In short, a basic DS project should locate some real-world data that is non-trivial, may be shared, and raises interesting questions. Then explore the data to answer the questions in a well-documented and reproducible fashion.
See Appendices B3 of the ds4psy textbook (Neth, 2026a) for links to potential data sources.
Using the i2ds survey data
An example of a suitable dataset is provided by the i2ds_survey data included in the ds4psy package (Neth, 2026b).
When using this data, select an appropriate subset of the data and complete the following tasks:
- Describe the (chosen subset of the) sample
- Formulate some (non-trivial) hypotheses
- Evaluate each hypothesis (descriptively and/or visually)
In general, completing a basic DS project uses a mix of text and code to:
- describe the data (i.e., the variables used to address some hypothesis)
- explain what you are doing, why you are doing it, and how are you doing it
- draw conclusions (but also mention limitations)
- provide references (to background material, scientific theories, but also R packages)
A non-trivial hypothesis involves two or more variables and is justified by some narrative or theory.

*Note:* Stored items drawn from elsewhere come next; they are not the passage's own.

Lemma count_threshold_lt q k : 0 < q -> 72 * q <= k ->
  q * (4 * ((3 * k.+1) ^ 2 %/ (72 * q)).+1) < k.+1 * k.+1.
Proof.
move=> q_gt0 le_k; have := leq_divM ((3 * k.+1) ^ 2) (72 * q); set D := _ %/ _ => le_D.
have le_qD : 8 * (q * D) <= k.+1 * k.+1 by nia.
have lt_q : 8 * q < k.+1 * k.+1 by nia.
lia.
Qed.

Definition bits_code L (s : seq bool) : 'I_L.+1 * {ffun 'I_L -> bool} :=
  (inord (size s), [ffun i : 'I_L => nth false s i]).

Lemma bits_code_inj L s1 s2 : size s1 <= L -> size s2 <= L ->
  bits_code L s1 = bits_code L s2 -> s1 = s2.
Proof.
move=> le_s1L le_s2L [/(congr1 val)]; rewrite /= !inordK // => eq_size /ffunP eq_nth.
apply: (eq_from_nth (x0 := false) eq_size) => i lt_is1.
by have := eq_nth (Ordinal (leq_trans lt_is1 le_s1L)); rewrite !ffunE.
Qed.

Section Construction.

Variable k : nat.
Local Notation m := k.+1.

Definition nvert := 3 * m.

Lemma nvert_gt0 : 0 < nvert. Proof. by rewrite muln_gt0. Qed.

Definition start : 'I_nvert := Ordinal nvert_gt0.

Definition node (x : nat) : 'I_nvert := insubd start x.

Lemma val_node x : x < nvert -> val (node x) = x.
Proof. by move=> lt_x; rewrite val_insubd lt_x. Qed.

Definition deg_at (x : nat) := if x < 2 * m then m else 2.

Lemma deg_at_lt x p : p < deg_at x -> (x < 2 * m -> p < m) /\ (2 * m <= x -> p < 2).
Proof. rewrite /deg_at; case: ifP => ? ?; split=> *; lia. Qed.

Variable g : {ffun 'I_m -> 'I_m}.

Definition gat (x : nat) : nat := g (inord x).

Lemma gat_lt x : gat x < m. Proof. exact: ltn_ord. Qed.

(* Node [i] is a_i, node [m + j] is b_j and node [2 * m + i] is c_i (i, j < m).
   The graph is K_{m,m} on the a's and b's, with each edge a_i b_(g i) subdivided
   by c_i; port j of a_i leads to b_j and port i of b_j to a_i (or to c_i when
   j = g i), port 0 of c_i leads to a_i and port 1 to b_(g i). *)
Definition nbr_at (x p : nat) : nat :=
  if x < m then (if p == gat x then 2 * m + x else m + p)
  else if x < 2 * m then (if gat p == x - m then 2 * m + p else p)
  else (if p == 0 then x - 2 * m else m + gat (x - 2 * m)).

Definition back_at (x p : nat) : nat :=
  if x < m then (if p == gat x then 0 else x)
  else if x < 2 * m then (if gat p == x - m then 1 else x - m)
  else (if p == 0 then gat (x - 2 * m) else x - 2 * m).

Lemma nbr_at_left x p : x < m ->
  nbr_at x p = (if p == gat x then 2 * m + x else m + p) /\
  back_at x p = (if p == gat x then 0 else x).
Proof. by move=> lt_x; rewrite /nbr_at /back_at lt_x. Qed.

Lemma nbr_at_right x p : m <= x < 2 * m ->
  nbr_at x p = (if gat p == x - m then 2 * m + p else p) /\
  back_at x p = (if gat p == x - m then 1 else x - m).
Proof.
by case/andP=> le_x lt_x; rewrite /nbr_at /back_at ltnNge le_x lt_x.
Qed.

Lemma nbr_at_subdiv x p : 2 * m <= x ->
  nbr_at x p = (if p == 0 then x - 2 * m else m + gat (x - 2 * m)) /\
  back_at x p = (if p == 0 then gat (x - 2 * m) else x - 2 * m).
Proof.
move=> le_x; have [/negbTE lt_xm /negbTE lt_x2m] : ~~ (x < m) /\ ~~ (x < 2 * m).
  by rewrite -!leqNgt; split; lia.
by rewrite /nbr_at /back_at lt_xm lt_x2m.
Qed.

End Construction.

Ltac nat_cases :=
  rewrite /nbr_at /back_at /deg_at /nvert;
  repeat (rewrite ?addKn; case: ifP => /= ?); lia.

(* Fixing the block of [u] first keeps [nat_cases] from splitting on unrelated
   branches. *)
Ltac case_block k g u p :=
  let lt_u := fresh "lt_u" in let lt_u' := fresh "lt_u" in
  case: (ltnP u k.+1) => lt_u; [ | case: (ltnP u (2 * k.+1)) => lt_u'];
  [ case: (nbr_at_left g p lt_u) => ->; (move=> -> || move=> _); case: (p =P gat g u) => ?
  | case: (nbr_at_right g p (introT andP (conj lt_u lt_u'))) => ->; (move=> -> || move=> _);
    case: (gat g p =P u - k.+1) => ?
  | case: (nbr_at_subdiv g p lt_u') => ->; (move=> -> || move=> _); case: (p =P 0) => ? ].

Section Neighbours.
Variable k : nat.
Local Notation m := k.+1.
Variable g : {ffun 'I_m -> 'I_m}.
Variables (u p : nat).
Hypotheses (lt_u : u < nvert k) (lt_p : p < deg_at k u).

(* The following facts are never named: [nat_cases] picks them up from the context. *)
Let lt_u3m : u < 3 * m := lt_u.
Let lt_gat_subdiv : gat g (u - 2 * m) < m := gat_lt g (u - 2 * m).
Let lt_p_block := deg_at_lt lt_p.

Lemma nbr_atK :
  let w := nbr_at g u p in
  [/\ back_at g u p < deg_at k w, nbr_at g w (back_at g u p) = u
    & back_at g w (back_at g u p) = p].
Proof. move=> /=; case: lt_p_block => ? ?; case_block k g u p; split; nat_cases. Qed.

Lemma nbr_at_lt : nbr_at g u p < nvert k.
Proof. case: lt_p_block => ? ?; case_block k g u p; nat_cases. Qed.

Lemma nbr_at_neq : nbr_at g u p != u.
Proof. case: lt_p_block => ? ?; case_block k g u p; nat_cases. Qed.

Lemma nbr_at_inj q : q < deg_at k u -> nbr_at g u p = nbr_at g u q -> p = q.
Proof.
move=> /deg_at_lt [? ?]; have := gat_lt g q.
case: lt_p_block => ? ?; case_block k g u p; nat_cases.
Qed.

End Neighbours.

Section TwoGraphs.
Variable k : nat.
Local Notation m := k.+1.
Variables (g1 g2 : {ffun 'I_m -> 'I_m}) (u p : nat).
Hypotheses (lt_u : u < nvert k) (lt_p : p < deg_at k u).

Let lt_u3m : u < 3 * m := lt_u.
Let lt_gat_subdiv : gat g1 (u - 2 * m) < m := gat_lt g1 (u - 2 * m).
Let lt_p_block := deg_at_lt lt_p.

Lemma nbr_at_eq_of_gat : 2 * m <= nbr_at g1 u p ->
  gat g1 (nbr_at g1 u p - 2 * m) = gat g2 (nbr_at g1 u p - 2 * m) ->
  nbr_at g2 u p = nbr_at g1 u p.
Proof. case: lt_p_block => ? ?; nat_cases. Qed.

Lemma gat_eq_of_nbr_at : nbr_at g1 u p = nbr_at g2 u p -> 2 * m <= nbr_at g1 u p ->
  gat g1 (nbr_at g1 u p - 2 * m) = gat g2 (nbr_at g1 u p - 2 * m).
Proof. case: lt_p_block => ? ?; nat_cases. Qed.

Lemma nbr_at_eq : (2 * m <= nbr_at g1 u p) = (2 * m <= nbr_at g2 u p) ->
  (2 * m <= u -> gat g1 (u - 2 * m) = gat g2 (u - 2 * m)) ->
  nbr_at g1 u p = nbr_at g2 u p /\ back_at g1 u p = back_at g2 u p.
Proof. case: lt_p_block => ? ?; nat_cases. Qed.

End TwoGraphs.

Section Agreement.
Variable k : nat.
Local Notation m := k.+1.
Variables (V : nat -> bool) (u p : nat).
Hypotheses (lt_u : u < nvert k) (lt_p : p < deg_at k u).

Definition agree_on (g1 g2 : {ffun 'I_m -> 'I_m}) :=
  forall x, V x -> 2 * m <= x -> gat g1 (x - 2 * m) = gat g2 (x - 2 * m).

Lemma nbr_at_subdiv_agree g1 g2 : agree_on g1 g2 ->
  (2 * m <= nbr_at g1 u p -> ~~ V (nbr_at g1 u p) -> 2 * m <= nbr_at g2 u p) ->
  2 * m <= nbr_at g1 u p -> 2 * m <= nbr_at g2 u p.
Proof.
move=> agreeV new_subdiv le_nbr; have [inV|] := boolP (V (nbr_at g1 u p)); last exact: new_subdiv.
by rewrite (nbr_at_eq_of_gat lt_u lt_p le_nbr (agreeV _ inV le_nbr)).
Qed.

Lemma nbr_at_agree g1 g2 : agree_on g1 g2 -> (2 * m <= u -> V u) ->
  (2 * m <= nbr_at g1 u p) && (~~ V (nbr_at g1 u p)) =
  (2 * m <= nbr_at g2 u p) && (~~ V (nbr_at g2 u p)) ->
  nbr_at g1 u p = nbr_at g2 u p /\ back_at g1 u p = back_at g2 u p.
Proof.
move=> agreeV V_u eq_new; apply: nbr_at_eq => //; last first.
  by move=> le_u; apply: agreeV (V_u le_u) le_u.
have agreeV' : agree_on g2 g1 by move=> x Vx le_x; rewrite agreeV.
apply/idP/idP; apply: nbr_at_subdiv_agree => // le_nbr notV.
  by move: eq_new; rewrite le_nbr notV => /esym/andP[].
by move: eq_new; rewrite le_nbr notV => /andP[].
Qed.

End Agreement.

Definition graph_of k (g : {ffun 'I_k.+1 -> 'I_k.+1}) : pgraph (nvert k) :=
  @PGraph (nvert k) (fun u => deg_at k u) (fun u p => node k (nbr_at g u p))
    (fun u p => back_at g u p).

Lemma adjacent_nbr n (G : pgraph n) u p : p < deg G u -> adjacent G u (nbr G u p).
Proof. by move=> lt_p; apply/hasP; exists p; rewrite ?mem_iota. Qed.

Lemma connect_nbr n (G : pgraph n) u p w : p < deg G u ->
  connect (adjacent G) (nbr G u p) w -> connect (adjacent G) u w.
Proof. by move/adjacent_nbr/connect1; apply: connect_trans. Qed.

Lemma adjacent_sym n (G : pgraph n) :
  (forall u p, p < deg G u ->
     nbr G (nbr G u p) (back G u p) = u /\ back G u p < deg G (nbr G u p)) ->
  symmetric (adjacent G).
Proof.
move=> nbrK; suff adj_sym u w : adjacent G u w -> adjacent G w u.
  by move=> u w; apply/idP/idP; apply: adj_sym.
case/hasP=> p; rewrite mem_iota => lt_p /eqP <-.
have [eq_u lt_b] := nbrK u p lt_p.
by rewrite -[X in adjacent _ _ X]eq_u adjacent_nbr.
Qed.

Section GraphOf.
Variable k : nat.
Local Notation m := k.+1.
Variable g : {ffun 'I_m -> 'I_m}.
Local Notation G := (graph_of g).

Lemma val_nbr (u : 'I_(nvert k)) p : p < deg G u -> val (nbr G u p) = nbr_at g u p.
Proof. by move=> lt_p; rewrite val_node ?nbr_at_lt. Qed.

Lemma connect_start (u : 'I_(nvert k)) : connect (adjacent G) u (start k).
Proof.
pose C y := connect (adjacent G) (node k y) (start k).
have step y p : y < nvert k -> p < deg_at k y -> C (nbr_at g y p) -> C y.
  move=> lt_y lt_p C_nbr; apply: (@connect_nbr _ G _ p); first by rewrite /= val_node.
  suff -> : nbr G (node k y) p = node k (nbr_at g y p) by [].
  by rewrite /= val_node.
have C_left0 : C 0.
  by rewrite /C (_ : node k 0 = start k) ?connect0 //; apply: val_inj; rewrite val_node.
have C_subdiv0 : C (2 * m).
  apply: (step _ 0); [by rewrite /nvert; lia | by rewrite /deg_at ltnn |].
  by case: (nbr_at_subdiv g 0 (leqnn _)) => -> _; rewrite subnn.
have C_right y : m <= y < 2 * m -> C y.
  move=> lt_y; apply: (step _ 0); [by rewrite /nvert; lia | by rewrite /deg_at ifT; lia |].
  by case: (nbr_at_right g 0 lt_y) => -> _; case: ifP; rewrite ?addn0.
have C_subdiv y : 2 * m <= y < 3 * m -> C y.
  case/andP=> le_y lt_y; apply: (step _ 1) => //; first by rewrite /deg_at ifF //; lia.
  apply: C_right; case: (nbr_at_subdiv g 1 le_y) => -> _ /=; have := gat_lt g (y - 2 * m); lia.
have node_u : node k u = u by apply: val_inj; rewrite val_node.
suff : C u by rewrite /C node_u.
have lt_u : u < 3 * m := ltn_ord u.
have [lt_um|le_mu] := ltnP u m; last first.
  by have [lt_u2m|le_2mu] := ltnP u (2 * m); [apply: C_right | apply: C_subdiv]; apply/andP.
apply: (step _ (gat g u)) => //; first by rewrite /deg_at ifT ?gat_lt //; lia.
by apply: C_subdiv; case: (nbr_at_left g (gat g u) lt_um) => -> _; rewrite eqxx; lia.
Qed.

Examples of such hypotheses are:
- Is some preference (e.g., nutritional, political) correlated with another?
- Does a person’s zodiac sign correspond to some habit or personality trait?
- Are participants’ expressed art preferences consistent or circular (with respect to art styles)?
Hypotheses can be addressed descriptively or visually (i.e., statistical tests are not required in this course).
As basic DS projects focus on data transformation and visualization skills, top grades are reserved for using more difficult data and variables. For instance, to show off you data-wrangling skills, you could
- use the raw data (rather than the pre-processed
i2ds_surveydata included in the ds4psy package) - use more difficult variables that require some pre-processing (e.g., by turning text into numbers, categorizing values into factors)
A.1.2 Data visualization project
A data visualization project essentially consists in visually exploring a set of data. This type of DS project fits to the goals and topics of a course on data visualization (i.e., focusing on Part 3: Visualizing data).
Data choice
All tasks of a visualization project must be based on a single set of data:
- Find a suitable dataset (e.g., the
i2ds_surveydata from the ds4psy package) - Describe the data (its source, cases, and variables) and explain your choice
Main tasks
The following 3 tasks are required for passing this course:
- Create at least 5 different types of visualizations (and explain what they show and why they are showing it as they do)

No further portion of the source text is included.